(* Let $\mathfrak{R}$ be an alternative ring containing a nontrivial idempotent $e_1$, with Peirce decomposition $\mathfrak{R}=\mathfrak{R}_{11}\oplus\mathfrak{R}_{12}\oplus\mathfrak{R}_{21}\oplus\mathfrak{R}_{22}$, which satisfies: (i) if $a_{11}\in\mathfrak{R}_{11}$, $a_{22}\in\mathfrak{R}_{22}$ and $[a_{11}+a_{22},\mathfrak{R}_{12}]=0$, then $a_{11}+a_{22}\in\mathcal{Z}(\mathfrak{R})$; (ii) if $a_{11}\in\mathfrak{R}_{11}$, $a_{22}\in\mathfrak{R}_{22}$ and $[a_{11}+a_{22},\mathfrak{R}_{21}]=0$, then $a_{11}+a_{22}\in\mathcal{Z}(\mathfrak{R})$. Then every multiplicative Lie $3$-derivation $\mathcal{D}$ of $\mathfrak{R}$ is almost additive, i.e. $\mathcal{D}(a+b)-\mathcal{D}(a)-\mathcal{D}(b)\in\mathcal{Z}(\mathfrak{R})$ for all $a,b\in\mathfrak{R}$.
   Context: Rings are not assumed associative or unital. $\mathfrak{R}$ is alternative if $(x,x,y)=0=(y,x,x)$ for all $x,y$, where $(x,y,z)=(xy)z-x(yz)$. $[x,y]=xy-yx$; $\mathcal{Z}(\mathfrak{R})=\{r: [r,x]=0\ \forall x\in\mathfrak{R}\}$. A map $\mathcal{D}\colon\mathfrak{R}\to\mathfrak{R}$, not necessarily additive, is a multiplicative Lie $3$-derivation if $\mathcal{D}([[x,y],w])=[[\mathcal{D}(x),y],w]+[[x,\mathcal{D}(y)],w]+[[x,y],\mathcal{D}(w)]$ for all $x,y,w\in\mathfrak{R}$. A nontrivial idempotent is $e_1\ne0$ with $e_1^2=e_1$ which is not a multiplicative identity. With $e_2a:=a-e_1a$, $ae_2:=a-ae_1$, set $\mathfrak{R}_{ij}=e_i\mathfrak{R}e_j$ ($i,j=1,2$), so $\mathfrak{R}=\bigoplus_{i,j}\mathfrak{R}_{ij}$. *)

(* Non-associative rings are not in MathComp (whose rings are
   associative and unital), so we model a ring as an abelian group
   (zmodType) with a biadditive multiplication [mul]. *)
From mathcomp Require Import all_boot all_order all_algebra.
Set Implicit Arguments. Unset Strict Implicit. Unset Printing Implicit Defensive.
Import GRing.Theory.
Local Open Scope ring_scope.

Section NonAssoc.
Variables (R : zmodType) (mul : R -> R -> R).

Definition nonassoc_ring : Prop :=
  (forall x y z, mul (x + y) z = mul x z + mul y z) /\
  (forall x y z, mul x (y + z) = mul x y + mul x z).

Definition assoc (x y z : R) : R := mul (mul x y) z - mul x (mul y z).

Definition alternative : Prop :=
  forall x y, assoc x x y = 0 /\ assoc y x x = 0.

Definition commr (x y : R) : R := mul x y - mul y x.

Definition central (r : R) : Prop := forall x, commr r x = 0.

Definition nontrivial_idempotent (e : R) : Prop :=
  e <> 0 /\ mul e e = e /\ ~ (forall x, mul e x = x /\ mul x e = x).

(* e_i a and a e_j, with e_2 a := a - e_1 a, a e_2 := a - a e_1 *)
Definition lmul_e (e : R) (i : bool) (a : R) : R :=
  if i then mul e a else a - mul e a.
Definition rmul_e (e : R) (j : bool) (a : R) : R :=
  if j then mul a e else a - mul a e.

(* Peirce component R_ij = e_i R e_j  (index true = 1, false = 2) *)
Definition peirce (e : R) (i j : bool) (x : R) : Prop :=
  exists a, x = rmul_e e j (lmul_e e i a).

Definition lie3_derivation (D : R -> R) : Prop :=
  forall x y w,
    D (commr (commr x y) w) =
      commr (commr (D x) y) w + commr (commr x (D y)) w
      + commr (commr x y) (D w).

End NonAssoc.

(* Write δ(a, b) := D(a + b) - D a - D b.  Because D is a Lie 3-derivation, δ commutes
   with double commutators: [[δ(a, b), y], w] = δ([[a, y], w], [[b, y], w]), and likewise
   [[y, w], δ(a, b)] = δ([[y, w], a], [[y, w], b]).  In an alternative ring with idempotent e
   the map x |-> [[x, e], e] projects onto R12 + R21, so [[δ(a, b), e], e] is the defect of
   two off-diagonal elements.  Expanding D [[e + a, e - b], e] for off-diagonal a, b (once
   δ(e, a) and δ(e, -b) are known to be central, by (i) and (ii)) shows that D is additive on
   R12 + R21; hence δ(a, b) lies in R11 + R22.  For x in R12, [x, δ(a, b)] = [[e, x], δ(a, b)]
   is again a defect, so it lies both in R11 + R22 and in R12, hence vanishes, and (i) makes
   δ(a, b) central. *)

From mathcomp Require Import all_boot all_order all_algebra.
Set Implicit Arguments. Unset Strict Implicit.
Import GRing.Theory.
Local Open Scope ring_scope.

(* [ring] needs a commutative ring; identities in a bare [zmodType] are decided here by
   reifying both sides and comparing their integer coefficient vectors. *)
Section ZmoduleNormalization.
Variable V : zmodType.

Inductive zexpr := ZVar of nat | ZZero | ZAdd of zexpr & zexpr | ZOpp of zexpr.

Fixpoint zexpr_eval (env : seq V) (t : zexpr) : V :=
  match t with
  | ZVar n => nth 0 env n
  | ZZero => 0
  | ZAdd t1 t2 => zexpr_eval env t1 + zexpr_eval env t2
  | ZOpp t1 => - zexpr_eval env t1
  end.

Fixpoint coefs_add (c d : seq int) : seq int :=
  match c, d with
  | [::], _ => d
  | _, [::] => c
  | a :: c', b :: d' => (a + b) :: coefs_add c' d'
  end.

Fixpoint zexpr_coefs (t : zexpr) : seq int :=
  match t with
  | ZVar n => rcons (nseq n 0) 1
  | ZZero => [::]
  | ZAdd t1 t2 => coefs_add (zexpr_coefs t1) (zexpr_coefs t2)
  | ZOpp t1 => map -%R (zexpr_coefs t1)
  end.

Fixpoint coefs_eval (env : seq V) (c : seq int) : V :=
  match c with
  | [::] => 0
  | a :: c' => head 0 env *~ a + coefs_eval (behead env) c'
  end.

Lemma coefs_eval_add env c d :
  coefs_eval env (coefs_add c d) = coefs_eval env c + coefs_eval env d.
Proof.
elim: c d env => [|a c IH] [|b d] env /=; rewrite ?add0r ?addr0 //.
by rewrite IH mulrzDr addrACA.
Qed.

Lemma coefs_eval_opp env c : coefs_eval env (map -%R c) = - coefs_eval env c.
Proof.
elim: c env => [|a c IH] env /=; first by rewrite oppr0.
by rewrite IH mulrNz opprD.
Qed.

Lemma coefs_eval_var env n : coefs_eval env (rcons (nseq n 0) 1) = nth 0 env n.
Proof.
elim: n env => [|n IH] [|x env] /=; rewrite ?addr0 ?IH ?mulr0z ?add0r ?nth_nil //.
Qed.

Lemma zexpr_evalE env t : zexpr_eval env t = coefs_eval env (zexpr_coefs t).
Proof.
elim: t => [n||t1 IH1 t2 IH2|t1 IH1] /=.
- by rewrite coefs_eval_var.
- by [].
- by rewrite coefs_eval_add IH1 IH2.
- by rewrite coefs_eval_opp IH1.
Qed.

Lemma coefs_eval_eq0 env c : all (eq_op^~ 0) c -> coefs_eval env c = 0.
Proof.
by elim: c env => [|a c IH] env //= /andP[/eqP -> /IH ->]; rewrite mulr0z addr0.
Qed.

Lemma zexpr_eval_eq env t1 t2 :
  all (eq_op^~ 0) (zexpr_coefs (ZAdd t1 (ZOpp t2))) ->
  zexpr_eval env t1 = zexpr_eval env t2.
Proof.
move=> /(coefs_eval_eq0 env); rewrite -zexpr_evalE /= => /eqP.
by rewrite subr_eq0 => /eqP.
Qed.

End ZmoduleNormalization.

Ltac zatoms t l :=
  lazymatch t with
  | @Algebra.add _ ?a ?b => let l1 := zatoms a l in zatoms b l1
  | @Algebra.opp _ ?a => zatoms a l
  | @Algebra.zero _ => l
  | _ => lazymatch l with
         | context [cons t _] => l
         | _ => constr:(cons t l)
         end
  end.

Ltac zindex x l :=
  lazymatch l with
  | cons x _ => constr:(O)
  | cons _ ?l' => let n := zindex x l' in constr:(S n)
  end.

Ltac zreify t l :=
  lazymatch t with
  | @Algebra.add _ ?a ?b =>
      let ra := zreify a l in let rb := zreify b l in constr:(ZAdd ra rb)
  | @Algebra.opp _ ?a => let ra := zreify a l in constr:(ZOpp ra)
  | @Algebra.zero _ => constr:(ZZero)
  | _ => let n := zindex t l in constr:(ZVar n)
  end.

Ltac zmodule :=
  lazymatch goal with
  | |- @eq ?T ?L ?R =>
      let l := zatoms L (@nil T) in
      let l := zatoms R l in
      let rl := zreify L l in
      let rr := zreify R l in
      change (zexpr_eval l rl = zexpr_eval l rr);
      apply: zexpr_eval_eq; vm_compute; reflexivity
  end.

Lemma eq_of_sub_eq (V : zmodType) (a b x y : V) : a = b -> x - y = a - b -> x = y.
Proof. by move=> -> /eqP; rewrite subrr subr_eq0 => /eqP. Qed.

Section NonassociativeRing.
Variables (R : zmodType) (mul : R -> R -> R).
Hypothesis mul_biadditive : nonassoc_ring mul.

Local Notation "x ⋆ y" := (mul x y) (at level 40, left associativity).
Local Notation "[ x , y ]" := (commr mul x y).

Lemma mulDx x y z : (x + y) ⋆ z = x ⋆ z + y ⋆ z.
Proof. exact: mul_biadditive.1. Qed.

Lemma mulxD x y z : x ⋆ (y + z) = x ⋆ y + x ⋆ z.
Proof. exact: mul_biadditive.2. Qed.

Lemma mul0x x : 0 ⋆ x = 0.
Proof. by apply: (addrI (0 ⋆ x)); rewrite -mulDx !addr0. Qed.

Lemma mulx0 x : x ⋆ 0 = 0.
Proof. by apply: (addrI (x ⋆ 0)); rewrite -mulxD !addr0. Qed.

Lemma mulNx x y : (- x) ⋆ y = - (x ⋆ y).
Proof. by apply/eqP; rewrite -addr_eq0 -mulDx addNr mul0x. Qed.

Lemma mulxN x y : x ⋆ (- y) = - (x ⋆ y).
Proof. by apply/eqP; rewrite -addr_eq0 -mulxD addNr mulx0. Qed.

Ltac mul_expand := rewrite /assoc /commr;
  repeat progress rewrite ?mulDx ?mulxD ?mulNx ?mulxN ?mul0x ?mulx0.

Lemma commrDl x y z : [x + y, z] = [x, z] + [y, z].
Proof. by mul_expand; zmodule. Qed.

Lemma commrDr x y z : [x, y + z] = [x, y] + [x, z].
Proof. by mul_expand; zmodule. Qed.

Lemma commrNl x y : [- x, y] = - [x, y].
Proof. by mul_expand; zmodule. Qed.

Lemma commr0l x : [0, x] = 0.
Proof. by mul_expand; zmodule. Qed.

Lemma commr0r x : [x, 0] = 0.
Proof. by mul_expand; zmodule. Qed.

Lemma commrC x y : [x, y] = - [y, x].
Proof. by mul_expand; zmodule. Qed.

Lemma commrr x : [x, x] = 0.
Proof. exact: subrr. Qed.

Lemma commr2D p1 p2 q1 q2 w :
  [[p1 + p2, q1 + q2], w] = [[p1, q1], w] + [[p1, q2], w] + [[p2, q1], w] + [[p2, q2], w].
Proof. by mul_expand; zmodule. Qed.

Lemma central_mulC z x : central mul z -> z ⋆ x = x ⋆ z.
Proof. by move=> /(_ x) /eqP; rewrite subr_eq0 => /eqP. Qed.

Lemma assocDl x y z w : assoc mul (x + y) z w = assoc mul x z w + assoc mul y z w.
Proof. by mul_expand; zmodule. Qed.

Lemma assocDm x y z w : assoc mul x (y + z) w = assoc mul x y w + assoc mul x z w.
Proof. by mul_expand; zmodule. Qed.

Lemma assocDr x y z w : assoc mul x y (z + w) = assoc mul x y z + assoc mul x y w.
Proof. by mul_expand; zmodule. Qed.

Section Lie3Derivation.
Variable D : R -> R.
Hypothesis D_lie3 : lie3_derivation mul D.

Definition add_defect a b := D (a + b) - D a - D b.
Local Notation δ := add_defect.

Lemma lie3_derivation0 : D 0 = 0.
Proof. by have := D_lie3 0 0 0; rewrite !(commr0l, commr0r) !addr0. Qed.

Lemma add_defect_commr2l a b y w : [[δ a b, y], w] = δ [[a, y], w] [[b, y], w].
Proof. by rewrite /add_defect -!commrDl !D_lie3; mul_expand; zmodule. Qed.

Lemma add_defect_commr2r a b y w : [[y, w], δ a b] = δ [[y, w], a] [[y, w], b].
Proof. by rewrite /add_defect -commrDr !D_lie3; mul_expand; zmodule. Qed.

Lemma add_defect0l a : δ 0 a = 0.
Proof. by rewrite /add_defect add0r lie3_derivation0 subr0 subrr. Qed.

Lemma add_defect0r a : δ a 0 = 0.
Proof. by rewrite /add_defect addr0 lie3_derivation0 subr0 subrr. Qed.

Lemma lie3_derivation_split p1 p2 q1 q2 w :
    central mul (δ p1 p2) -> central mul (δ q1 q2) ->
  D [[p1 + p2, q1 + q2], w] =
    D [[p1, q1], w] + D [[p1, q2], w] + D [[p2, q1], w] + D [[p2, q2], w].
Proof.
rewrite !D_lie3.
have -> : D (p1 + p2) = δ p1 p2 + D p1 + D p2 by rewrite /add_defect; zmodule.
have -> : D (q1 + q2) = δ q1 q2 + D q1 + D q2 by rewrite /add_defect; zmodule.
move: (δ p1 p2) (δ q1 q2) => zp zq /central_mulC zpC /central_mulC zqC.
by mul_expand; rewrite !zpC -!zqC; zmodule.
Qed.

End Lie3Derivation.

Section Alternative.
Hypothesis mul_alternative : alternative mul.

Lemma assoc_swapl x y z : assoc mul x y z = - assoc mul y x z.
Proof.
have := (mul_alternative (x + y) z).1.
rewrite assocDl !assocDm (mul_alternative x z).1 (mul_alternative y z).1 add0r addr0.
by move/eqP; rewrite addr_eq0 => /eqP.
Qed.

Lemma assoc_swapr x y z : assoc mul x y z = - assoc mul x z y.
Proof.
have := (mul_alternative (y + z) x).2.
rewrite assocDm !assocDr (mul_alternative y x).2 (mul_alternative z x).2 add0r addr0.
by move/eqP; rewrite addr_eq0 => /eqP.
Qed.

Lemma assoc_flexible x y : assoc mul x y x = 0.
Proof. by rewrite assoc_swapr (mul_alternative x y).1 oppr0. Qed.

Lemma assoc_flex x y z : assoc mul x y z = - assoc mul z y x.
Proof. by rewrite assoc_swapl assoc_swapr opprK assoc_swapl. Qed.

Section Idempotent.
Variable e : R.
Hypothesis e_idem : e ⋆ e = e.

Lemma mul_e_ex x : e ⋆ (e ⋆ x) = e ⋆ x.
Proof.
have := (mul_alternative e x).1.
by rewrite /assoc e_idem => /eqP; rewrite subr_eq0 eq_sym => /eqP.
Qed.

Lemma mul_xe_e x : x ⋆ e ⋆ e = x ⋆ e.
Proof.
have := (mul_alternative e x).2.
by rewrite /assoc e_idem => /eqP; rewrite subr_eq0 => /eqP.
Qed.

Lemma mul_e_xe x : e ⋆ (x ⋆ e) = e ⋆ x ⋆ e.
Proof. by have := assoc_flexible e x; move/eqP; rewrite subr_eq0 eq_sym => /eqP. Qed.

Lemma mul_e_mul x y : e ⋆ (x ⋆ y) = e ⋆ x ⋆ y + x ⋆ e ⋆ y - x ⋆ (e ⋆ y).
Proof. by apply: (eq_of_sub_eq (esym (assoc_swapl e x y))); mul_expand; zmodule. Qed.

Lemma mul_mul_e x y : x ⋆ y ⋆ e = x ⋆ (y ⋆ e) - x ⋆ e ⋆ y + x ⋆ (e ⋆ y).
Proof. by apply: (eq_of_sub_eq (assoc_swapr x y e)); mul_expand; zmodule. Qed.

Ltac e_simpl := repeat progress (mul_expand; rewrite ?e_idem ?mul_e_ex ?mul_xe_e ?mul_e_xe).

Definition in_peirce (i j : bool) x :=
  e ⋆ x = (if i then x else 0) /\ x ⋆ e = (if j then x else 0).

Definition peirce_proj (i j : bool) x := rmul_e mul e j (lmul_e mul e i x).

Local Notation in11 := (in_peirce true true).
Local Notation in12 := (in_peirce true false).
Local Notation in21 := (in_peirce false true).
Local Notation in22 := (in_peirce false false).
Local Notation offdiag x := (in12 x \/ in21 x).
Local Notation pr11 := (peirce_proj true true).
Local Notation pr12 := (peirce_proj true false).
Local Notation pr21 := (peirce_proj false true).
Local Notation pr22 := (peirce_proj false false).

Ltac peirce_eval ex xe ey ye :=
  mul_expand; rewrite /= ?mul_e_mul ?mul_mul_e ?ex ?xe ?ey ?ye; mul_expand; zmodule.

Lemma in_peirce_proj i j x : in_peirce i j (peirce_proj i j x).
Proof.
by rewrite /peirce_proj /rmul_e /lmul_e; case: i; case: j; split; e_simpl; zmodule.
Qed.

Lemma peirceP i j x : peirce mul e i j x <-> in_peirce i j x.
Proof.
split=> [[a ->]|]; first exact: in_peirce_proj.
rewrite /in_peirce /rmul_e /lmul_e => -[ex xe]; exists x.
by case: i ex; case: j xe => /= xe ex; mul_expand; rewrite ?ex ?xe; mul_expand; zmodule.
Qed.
***
In the listing above, find the line with "- by rewrite coefs_eval_var." and the line with "zatoms b l1", then reproduce both and every line between them exactly.

Answer:
- by rewrite coefs_eval_var.
- by [].
- by rewrite coefs_eval_add IH1 IH2.
- by rewrite coefs_eval_opp IH1.
Qed.

Lemma coefs_eval_eq0 env c : all (eq_op^~ 0) c -> coefs_eval env c = 0.
Proof.
by elim: c env => [|a c IH] env //= /andP[/eqP -> /IH ->]; rewrite mulr0z addr0.
Qed.

Lemma zexpr_eval_eq env t1 t2 :
  all (eq_op^~ 0) (zexpr_coefs (ZAdd t1 (ZOpp t2))) ->
  zexpr_eval env t1 = zexpr_eval env t2.
Proof.
move=> /(coefs_eval_eq0 env); rewrite -zexpr_evalE /= => /eqP.
by rewrite subr_eq0 => /eqP.
Qed.

End ZmoduleNormalization.

Ltac zatoms t l :=
  lazymatch t with
  | @Algebra.add _ ?a ?b => let l1 := zatoms a l in zatoms b l1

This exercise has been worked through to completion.